# Cornbread vertex



## Tclem (May 12, 2015)

6 coats of blo/ca

Reactions: Like 3 | EyeCandy! 5 | Way Cool 1


----------



## Schroedc (May 12, 2015)

Tclem said:


> View attachment 78253
> 
> 6 coats of blo/ca



I see you need to send that to me for a closer inspection, include the rest of those blanks in case it's determined I need to keep it away from you.

Reactions: Agree 1 | Funny 2


----------



## Tclem (May 12, 2015)

Schroedc said:


> I see you need to send that to me for a closer inspection, include the rest of those blanks in case it's determined I need to keep it away from you.


What blanks? This is the only one I have

Reactions: Funny 1


----------



## ripjack13 (May 12, 2015)

Nice....real nice.

Reactions: Thank You! 1


----------



## manbuckwal (May 12, 2015)

Tclem said:


> What blanks? This is the only one I have



Did your nose get longer after that statement 


Great looking pen ! How does it feel to write with where you grasp it near the tip ?

Reactions: Funny 1


----------



## Tclem (May 12, 2015)

manbuckwal said:


> Did your nose get longer after that statement
> 
> 
> Great looking pen ! How does it feel to write with where you grasp it near the tip ?


I promise I have none. Sell me some. Lol. I actually use a roller ball in this kit. I like it


----------



## manbuckwal (May 12, 2015)

Tclem said:


> I promise I have none. Sell me some. Lol. I actually use a roller ball in this kit. I like it



But you do have "some" ........... Maybe not in pen blank size lol . Does the gap in the tip feel odd/awkward when writing or do you even notice it ?


----------



## Tclem (May 12, 2015)

manbuckwal said:


> But you do have "some" ........... Maybe not in pen blank size lol . Does the gap in the tip feel odd/awkward when writing or do you even notice it ?
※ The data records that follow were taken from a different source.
Lemma VII0_dual_inj (p1 p2 p3 q2 P1 P2 P3 Q2 : R) :
  VII0_dual p1 p2 p3 q2 = VII0_dual P1 P2 P3 Q2 ->
  [/\ p1 = P1, p2 = P2, p3 = P3 & q2 = Q2].
Proof.
move=> e; have E i j k := congr1 (fun c : sc R => c i j k) e.
by split; [exact: E o0 o1 o0 | exact: E o0 o1 o1 | exact: E o0 o1 o2 |
           exact: E o1 o2 o1].
Qed.

Lemma VII0_dual_basis_change (a b e x y P1 P2 P3 Q2 : R) : e * e = 1 ->
  basis_change (VII0_auto a b e x y)^T (VII0_dual P1 P2 P3 Q2)
    (VII0_dual (e * (a * P1 + b * P2) + Q2 * y) (a * P2 - b * P1 - Q2 * x)
               ((a * a + b * b) * P3) (e * Q2)).
Proof.
move=> /mul_self_eq1 [] -> i j l;
  case: (ord3P i) => ->; case: (ord3P j) => ->; case: (ord3P l) => ->;
  by rewrite /VII0_auto /VII0_dual /mk_sc /vec3; expand_sums; rewrite /=; ring.
Qed.

Definition VII0_dual_related (p1 p2 p3 q2 P1 P2 P3 Q2 : R) : Prop :=
  exists a b e x y, [/\ e * e = 1, a * a + b * b != 0 &
    [/\ p1 = e * (a * P1 + b * P2) + Q2 * y, p2 = a * P2 - b * P1 - Q2 * x,
        p3 = (a * a + b * b) * P3 & q2 = e * Q2]].

Lemma manin_iso_VII0_dualE (p1 p2 p3 q2 P1 P2 P3 Q2 : R) :
  manin_iso (f_VII0 R) (VII0_dual p1 p2 p3 q2) (f_VII0 R) (VII0_dual P1 P2 P3 Q2) <->
  VII0_dual_related p1 p2 p3 q2 P1 P2 P3 Q2.
Proof.
split.
- case=> A [uA HA Hd]; have [a [b [e [x [y [EA ee nz]]]]]] := VII0_auto_form uA HA.
  have uAt : (invmx A)^T \in unitmx by rewrite unitmx_tr unitmx_inv.
  have := basis_changeV uAt Hd; rewrite trmx_inv invmxK EA => Hd'.
  have uCt : (VII0_auto a b e x y)^T \in unitmx by rewrite unitmx_tr -EA.
  have := VII0_dual_basis_change a b x y P1 P2 P3 Q2 ee.
  move=> /(basis_change_uniq uCt Hd') /VII0_dual_inj[].
  by exists a, b, e, x, y.
- case=> a [b [e [x [y [ee nz [-> -> -> ->]]]]]].
  have uC := VII0_auto_unit x y ee nz.
  exists (VII0_auto a b e x y); split => //; first exact: VII0_auto_basis_change.
  have uCt : (VII0_auto a b e x y)^T \in unitmx by rewrite unitmx_tr.
  rewrite trmx_inv; apply: basis_changeV uCt _.
  exact: VII0_dual_basis_change.
Qed.

End VII0DualAction.

Section VII0NormalForm.
Variable R : realType.
Implicit Types (c : dual_case R).

Definition case_p2 c : R :=
  match c with CaseIV b => - b | CaseVi => -1 | _ => 0 end.
Definition case_p3 c : R :=
  match c with CaseIIi => 1 | CaseIIii => -1 | CaseIV b => b | _ => 0 end.
Definition case_q2 c : R :=
  match c with CaseVii b => b | _ => 0 end.

Lemma case_sc_VII0_dual c : case_sc c = VII0_dual 0 (case_p2 c) (case_p3 c) (case_q2 c).
Proof.
apply: sc_ext => i j k.
case: c => [|||b||b];
  case: (ord3P i) => ->; case: (ord3P j) => ->; case: (ord3P k) => ->;
  by rewrite /case_sc /v0 /VII0_dual /mk_sc /vec3 /=; ring.
Qed.

Definition case_dual_related c :=
  VII0_dual_related 0 (case_p2 c) (case_p3 c) (case_q2 c).

Lemma VII0_dual_normal_form_p0 (P3 : R) : exists c, case_valid c /\
  case_dual_related c 0 0 P3 0.
Proof.
have sqrt_inv (t : R) : 0 < t -> Num.sqrt t^-1 * Num.sqrt t^-1 = t^-1.
  by move=> t0; rewrite -expr2 sqr_sqrtr // invr_ge0 ltW.
case: (ltrgtP P3 0) => h3.
- exists (CaseIIii R); split => //.
  have t0 : 0 < - P3 by rewrite oppr_gt0.
  exists (Num.sqrt (- P3)^-1), 0, 1, 0, 0; split; first by rewrite mulr1.
    by rewrite mulr0 addr0 sqrt_inv // invr_eq0 lt0r_neq0.
  split=> /=; try ring.
  by rewrite mulr0 addr0 sqrt_inv //; field; exact: ltr0_neq0.
- exists (CaseIIi R); split => //.
  exists (Num.sqrt P3^-1), 0, 1, 0, 0; split; first by rewrite mulr1.
    by rewrite mulr0 addr0 sqrt_inv // invr_eq0 lt0r_neq0.
  split=> /=; try ring.
  by rewrite mulr0 addr0 sqrt_inv //; field; exact: lt0r_neq0.
- exists (CaseI R); split => //.
  exists 1, 0, 1, 0, 0; split; rewrite ?mulr0 ?addr0 ?mulr1 ?oner_eq0 //.
  by split=> /=; rewrite ?h3; ring.
Qed.

Lemma VII0_dual_normal_form_q0 (P1 P2 P3 : R) : P1 * P1 + P2 * P2 != 0 ->
  exists c, case_valid c /\ case_dual_related c P1 P2 P3 0.
Proof.
move=> nP; set n := P1 * P1 + P2 * P2 in nP *.
have [h3|h3] := eqVneq P3 0.
- exists (CaseVi R); split => //.
  exists (- P2 / n), (P1 / n), 1, 0, 0; split; first by rewrite mulr1.
    have -> : - P2 / n * (- P2 / n) + P1 / n * (P1 / n) = n^-1 by rewrite /n; field.
    by rewrite invr_eq0.
  by split=> /=; rewrite ?h3 /n; field.
- exists (CaseIV (n / P3)); split; first by rewrite /= mulf_neq0 // invr_eq0.
  exists (- P2 / P3), (P1 / P3), 1, 0, 0; split; first by rewrite mulr1.
    have -> : - P2 / P3 * (- P2 / P3) + P1 / P3 * (P1 / P3) = n / (P3 * P3).
      by rewrite /n; field.
    by rewrite mulf_neq0 // invr_eq0 mulf_neq0.
  by split=> /=; rewrite /n; field.
Qed.

Lemma VII0_dual_normal_form_p3 (P1 P2 Q2 : R) : Q2 != 0 ->
  exists c, case_valid c /\ case_dual_related c P1 P2 0 Q2.
Proof.
move=> nQ; case: (ltrgtP Q2 0) => hQ; last by rewrite hQ eqxx in nQ.
- exists (CaseVii (- Q2)); split; first by rewrite /= oppr_gt0.
  exists 1, 0, (-1), (P2 / Q2), (P1 / Q2).
  split; rewrite ?mulrNN ?mulr1 ?mulr0 ?addr0 ?oner_eq0 //.
  by split=> /=; field.
- exists (CaseVii Q2); split => //.
  exists 1, 0, 1, (P2 / Q2), (- P1 / Q2).
  split; rewrite ?mulr1 ?mulr0 ?addr0 ?oner_eq0 //.
  by split=> /=; field.
Qed.

Lemma VII0_dual_normal_form (P1 P2 P3 Q2 : R) : P3 * Q2 = 0 ->
  exists c, case_valid c /\ case_dual_related c P1 P2 P3 Q2.
Proof.
move=> hPQ; have [-> | nQ] := eqVneq Q2 0; last first.
  move: hPQ => /eqP; rewrite mulf_eq0 (negPf nQ) orbF => /eqP ->.
  exact: VII0_dual_normal_form_p3.
have [hP | nP] := eqVneq (P1 * P1 + P2 * P2) 0; last exact: VII0_dual_normal_form_q0.
have -> : P1 = 0 by move/eqP: hP; nra.
have -> : P2 = 0 by move/eqP: hP; nra.
exact: VII0_dual_normal_form_p0.
Qed.

Lemma VII0_dual_related_case_inj c1 c2 : case_valid c1 -> case_valid c2 ->
  case_dual_related c1 0 (case_p2 c2) (case_p3 c2) (case_q2 c2) -> c1 = c2.
Proof.
move=> v1 v2 [a [b [e [x [y [ee nz [h1 h2 h3 h4]]]]]]].
have sq_gt0 (t : R) : t != 0 -> 0 < t * t.
  by move=> t0; rewrite -expr2 exprn_even_gt0 //= t0.
have d_gt0 : 0 < a * a + b * b by rewrite lt0r nz /=; nra.
have q_sq : case_q2 c1 * case_q2 c1 = case_q2 c2 * case_q2 c2.
  by rewrite h4 mulrACA ee mul1r.
have p2_sq : case_q2 c2 = 0 ->
    case_p2 c1 * case_p2 c1 = (a * a + b * b) * (case_p2 c2 * case_p2 c2).
  move=> q0; rewrite q0 !mul0r !mulr0 !add0r !addr0 in h1 h2.
  have bp : b * case_p2 c2 = 0 by rewrite -[LHS]mul1r -ee -mulrA -h1 mulr0.
  rewrite h2; transitivity (a * a * (case_p2 c2 * case_p2 c2)
                            + (b * case_p2 c2) * (b * case_p2 c2)); last ring.
  by rewrite bp; ring.
move: v1 v2 h3 q_sq p2_sq; clear h1 h2 h4.
case: c1 => [|||b1||b1]; case: c2 => [|||b2||b2] //= v1 v2 h3 q_sq p2_sq //.
all: try have hb1 := sq_gt0 _ v1; try have hb2 := sq_gt0 _ v2.
all: try have {}p2_sq := p2_sq erefl.
all: try (exfalso; nra).
- congr CaseIV; apply: (mulfI v1).
  transitivity (- b1 * - b1); first by rewrite mulrNN.
  by rewrite p2_sq mulrNN mulrA -h3.
- congr CaseVii.
  have : (b1 - b2) * (b1 + b2) = 0 by rewrite -subr_sqr !expr2 q_sq subrr.
  by move/eqP; rewrite mulf_eq0 subr_eq0 => /orP[/eqP // | /eqP]; lra.
Qed.
(* [(k e, l e)] rationally parametrises the ellipse [k^2 + (betaR b b) l^2 = 1]
   and tends to [(1, 0)] as [e -> 0]. *)
Lemma realv_closure_tube s (u b : V) :
  betaR u u = -1 -> betaR u b = 0 -> Vplus R d b -> closure (tube R d s) (realv u).
Proof.
move=> uu ub Vb; have bb_gt0 : 0 < betaR b b by case: Vb.
pose h e := (1 + betaR b b * e ^+ 2)^-1.
pose k e := 2 * h e - 1.
pose l e := 2 * e * h e.
have den_gt0 e : 0 < 1 + betaR b b * e ^+ 2 by have := sqr_ge0 e; nra.
have curve_tube e : 0 < e -> tube R d s (cplx (k e *: u) (l e *: signed s b)).
  move=> e_gt0; apply: tube_cplx_orth => //.
    by rewrite /l /h mulr_gt0 ?mulr_gt0 // invr_gt0.
  by have := den_gt0 e; rewrite /k /l /h lt0r => /andP[? _]; field.
have h_cvg : h e @[e --> 0] --> h 0.
  apply: cvgV; first by rewrite gt_eqF.
  apply: cvgD; first exact: cvg_cst.
  by apply: cvgM; [exact: cvg_cst | exact: exprn_continuous].
have k_cvg : k e @[e --> 0] --> k 0.
  by apply: cvgB; [apply: cvgM; [exact: cvg_cst | exact: h_cvg] | exact: cvg_cst].
have l_cvg : l e @[e --> 0] --> l 0.
  by apply: cvgM; [apply: cvgM; [exact: cvg_cst | exact: cvg_id] | exact: h_cvg].
have h0 : h 0 = 1 by rewrite /h expr0n /= mulr0 addr0 invr1.
have k0 : k 0 = 1 by rewrite /k h0; ring.
have l0 : l 0 = 0 by rewrite /l mulr0 mul0r.
have curve0 : cplx (k 0 *: u) (l 0 *: signed s b) = realv u.
  by rewrite k0 l0 scale1r scale0r realvE.
have curve_cvg : cplx (k e *: u) (l e *: signed s b) @[e --> 0] --> realv u.
  by rewrite -curve0; apply: cvg_cplx_scale.
apply: (closed_cvg _ (@closed_closure _ _) _ _ (cvg_at_right_filter curve_cvg)).
near=> e; apply/subset_closure/curve_tube.
by near: e; exact: nbhs_right_gt.
Unshelve. all: by end_near.
Qed.

Lemma dS_sub_closure_tube s : dS R d `<=` closure (tube R d s).
Proof.
move=> z [dSz [u _ uz]]; subst z.
have uu : betaR u u = -1 by apply/dSC_realv.
have [b Vb ub] := exists_timelike_orth _ uu.
exact: realv_closure_tube _ _ _ uu ub Vb.
Qed.

Lemma dS_boundary_tubes :
  dS R d = boundary (tube R d true) `&` boundary (tube R d false).
Proof.
apply/seteqP; split=> [z dSz | z [[cl_p _] [cl_m _]]]; last first.
  exact: closure_tubes_sub_dS.
do 2 split; try exact: dS_sub_closure_tube.
all: by move/interior_subset; exact: dS_not_tube.
Qed.
End TubeClosure.

Theorem mainTheorem20 (R : realType) (d : nat) (hd : (1 <= d)%N) :
  ([set r : R | exists x z, dS R d x /\ Xiplus R d z /\ beta x z = (r%:C)%C]
     = `]-1, 1[%classic
   /\ [set r : R | exists x z, dS R d x /\ Ximinus R d z /\ beta x z = (r%:C)%C]
     = `]-1, 1[%classic)
  /\ dS R d = boundary (Xiplus R d) `&` boundary (Ximinus R d).
Proof.
rewrite Xiplus_tube Ximinus_tube.
by split; [split; exact: dS_tube_beta_range | exact: dS_boundary_tubes].
Qed.
Lemma nrm0 : nrm 0 = 0.
Proof. by rewrite -(scale0r (0 : A)) (@nrmZ 0 0) ?mul0r // normr0. Qed.

Lemma nrmN x : nrm (- x) = nrm x.
Proof. by rewrite -scaleN1r (@nrmZ (-1) 1) ?mul1r // normrN1. Qed.

Lemma nrm_distC x y : nrm (x - y) = nrm (y - x).
Proof. by rewrite -nrmN opprB. Qed.

Lemma nrm_le_eps_eq0 x : (forall eps : R, 0 < eps -> nrm x <= eps) -> x = 0.
Proof.
move=> small; apply: (nrm_eq0 HC); apply/eqP; rewrite eq_le (nrm_ge0 HC) andbT.
by apply/ler_addgt0Pr => eps /small; rewrite add0r.
Qed.

Lemma star1 : star 1 = 1.
Proof.
by have := star_mul HC (star 1) 1; rewrite mulr1 !(star_invol HC) mulr1 => <-.
Qed.

Lemma starN x : star (- x) = - star x.
Proof. by rewrite -scaleN1r (star_scale HC) -[in RHS]scaleN1r; congr (_ *: _); simpc. Qed.

Lemma starB x y : star (x - y) = star x - star y.
Proof. by rewrite (star_add HC) starN. Qed.

Lemma nrm1_le1 : nrm 1 <= 1.
Proof.
have := cstar_identity HC 1; rewrite star1 mulr1 => h.
have := nrm_ge0 HC 1; nra.
Qed.

Lemma nrm_proj_le1 p : is_projection star p -> nrm p <= 1.
Proof.
case=> pp ps; have := cstar_identity HC p; rewrite ps pp.
have := nrm_ge0 HC p; nra.
Qed.

Lemma nrmX_le x n : nrm (x ^+ n) <= nrm x ^+ n.
Proof.
elim: n => [|n IH]; first by rewrite !expr0 nrm1_le1.
rewrite !exprS; apply: le_trans (nrm_submul HC _ _) _.
by rewrite ler_wpM2l ?(nrm_ge0 HC).
Qed.

Lemma nrm_geosumD_le x m k : nrm x < 1 ->
  nrm (geosum x (m + k) - geosum x m) * (1 - nrm x) <= nrm x ^+ m - nrm x ^+ (m + k).
Proof.
move=> x1; elim: k => [|k IH]; first by rewrite addn0 !subrr nrm0 mul0r.
rewrite addnS /= addrAC exprS.
have := nrm_triangle HC (geosum x (m + k) - geosum x m) (x ^+ (m + k)).
have := nrmX_le x (m + k); have : 0 <= 1 - nrm x by rewrite subr_ge0 ltW.
nra.
Qed.

Lemma geosum_cauchy x : nrm x < 1 -> forall eps : R, 0 < eps ->
  exists N, forall m n, (N <= m)%N -> (N <= n)%N -> nrm (geosum x m - geosum x n) < eps.
Proof.
move=> x1 eps eps0; have s0 : 0 < 1 - nrm x by rewrite subr_gt0.
have x01 : 0 <= nrm x < 1 by rewrite (nrm_ge0 HC) x1.
have [N small] := expr_lt_eventually x01 (mulr_gt0 eps0 s0).
have ordered m n : (N <= m)%N -> (m <= n)%N -> nrm (geosum x n - geosum x m) < eps.
  move=> Nm /subnKC <-; have := nrm_geosumD_le m (n - m) x1.
  have := small m Nm; have := exprn_ge0 (m + (n - m)) (nrm_ge0 HC x).
  have := nrm_ge0 HC (geosum x (m + (n - m)) - geosum x m); nra.
exists N => m n Nm Nn; case: (leqP m n) => [mn|/ltnW nm].
  by rewrite nrm_distC; apply: ordered.
exact: ordered.
Qed.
Never noticed it. Niw that you mention it I always know when I have a "work" pen in my hand. When I'm in the field writing down measurements and stuff I usually use my throw always because I'm usually in the woods fixing cables and lose pens and tools and I take my vertex out of my pocket


----------



## Tclem (May 12, 2015)

manbuckwal said:


> But you do have "some" ........... Maybe not in pen blank size lol . Does the gap in the tip feel odd/awkward when writing or do you even notice it ?


By the way I just sent him some redwood lace burl and he is sending me a "nice" box. Can't wait to see what is in it. Suppose to be red cedar burl and ycb and who knows what else

Reactions: Like 1


----------



## Nature Man (May 13, 2015)

Pretty wood. Nice job. Chuck

Reactions: Thank You! 1


----------



## ironman123 (May 13, 2015)

Nice looking pen Tony.

Reactions: Thank You! 1


----------



## Bean_counter (May 13, 2015)

Cornbread I dont see no cornbread. I see yellow cedar burl, but no cornbread...

Looks great as usual Tony

Reactions: Thank You! 1


----------



## TimR (May 13, 2015)

Looks great!

Reactions: Thank You! 1


----------



## rdabpenman (May 15, 2015)

Looks well turned and finished from here.

Les

Reactions: Thank You! 1


----------



## David Seaba (May 15, 2015)

When I see cornbread I like to see, a pot of brown beans with it. 
Great looking pen Tony.

Reactions: Thank You! 1


----------



## NYWoodturner (May 15, 2015)

Very nice pen Tony. I like that kit in a fountain pen. It falls into that "Simple Elegance" class that always seems to win. Nice job.

Reactions: Thank You! 1


----------